WHAT THE EXERCISE ASKS: In the listing below, pick out lines with "Scope".

※ ※ ※

(* Let $I$ be a conditional indicator w.r.t. $\mathcal{H}$ which is increasing and regular, and define for $X\in\mathbb{L}^0(\overline{\mathbb{R}},\mathcal{F})$ $$I^L(X)=\operatorname{ess\,sup}_{\mathcal{H}}\{I(Y):Y\in\mathbb{D}_I,\ Y\le X\},\qquad I^U(X)=\operatorname{ess\,inf}_{\mathcal{H}}\{I(Y):Y\in\mathbb{D}_I,\ Y\ge X\}.$$ Then $I^L$ and $I^U$ are regular.
   Context: Let $(\Omega,\mathcal{F},\mathbb{P})$ be a probability space with $\mathcal{F}$ complete, and $\mathcal{H}\subseteq\mathcal{F}$ a complete sub-$\sigma$-algebra. $\overline{\mathbb{R}}=\mathbb{R}\cup\{\pm\infty\}$ with conventions $r\pm\infty=\pm\infty$, $\infty-\infty=0$, $\infty+\infty=\infty$, $0\times(\pm\infty)=0$; $\mathbb{L}^0(G,\mathcal{G})$ is the set of $\mathcal{G}$-measurable random variables a.s. valued in $G$. For a family $\Gamma$ of random variables, $\operatorname{ess\,sup}_{\mathcal{H}}\Gamma$ is the smallest (a.s.) $\mathcal{H}$-measurable random variable dominating every element of $\Gamma$ a.s., and $\operatorname{ess\,inf}_{\mathcal{H}}\Gamma=-\operatorname{ess\,sup}_{\mathcal{H}}(-\Gamma)$ (with single-variable versions $\operatorname{ess\,sup}_{\mathcal{H}}(X)=\operatorname{ess\,sup}_{\mathcal{H}}\{X\}$). A conditional indicator w.r.t. $\mathcal{H}$ is a map $I:\mathbb{D}_I\to\mathbb{L}^0(\overline{\mathbb{R}},\mathcal{H})$, $0\in\mathbb{D}_I\subseteq\mathbb{L}^0(\overline{\mathbb{R}},\mathcal{F})$, with $I(X)\in[\operatorname{ess\,inf}_{\mathcal{H}}(X),\operatorname{ess\,sup}_{\mathcal{H}}(X)]$ a.s. and $\mathbb{D}_I+\mathbb{L}^0(\overline{\mathbb{R}},\mathcal{H})\subseteq\mathbb{D}_I$. Increasing: $X\le Y\Rightarrow I(X)\le I(Y)$. A set is $\mathcal{H}$-decomposable if $X1_H+Y1_{\Omega\setminus H}$ belongs to it whenever $X,Y$ do and $H\in\mathcal{H}$. A map $J$ defined on a domain $\mathbb{D}_J$ is regular if $\mathbb{D}_J$ is $\mathcal{H}$-decomposable and for $X,Y\in\mathbb{D}_J$, $H\in\mathcal{H}$, $X1_H=Y1_H$ implies $J(X)1_H=J(Y)1_H$. *)

From HB Require Import structures.
From mathcomp Require Import all_boot all_order all_algebra.
From mathcomp Require Import all_classical all_reals all_analysis measurable_realfun.
Set Implicit Arguments. Unset Strict Implicit. Unset Printing Implicit Defensive.
Import Order.TTheory GRing.Theory Num.Theory.
Local Open Scope classical_set_scope.
Local Open Scope ring_scope.
Local Open Scope ereal_scope.

Section Defs.
Context d (Omega : measurableType d) (R : realType) (P : probability Omega R).

(* The probability space (Omega, F, P): F = the measurable sets of Omega. *)
Definition F_complete : Prop :=
  forall N A : set Omega, measurable N -> P N = 0 -> A `<=` N -> measurable A.

Definition complete_sub_sigma (H : set (set Omega)) : Prop :=
  [/\ sigma_algebra setT H, (forall A, H A -> measurable A)
    & (forall N, measurable N -> P N = 0 -> H N)].

Definition Gmeas (G : set (set Omega)) (X : Omega -> \bar R) : Prop :=
  forall B : set (\bar R), measurable B -> G (X @^-1` B).

Definition L0F (X : Omega -> \bar R) : Prop := measurable_fun setT X.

※ ※ ※

RESPONSE TO THE TASK:
Local Open Scope classical_set_scope.
Local Open Scope ring_scope.
Local Open Scope ereal_scope.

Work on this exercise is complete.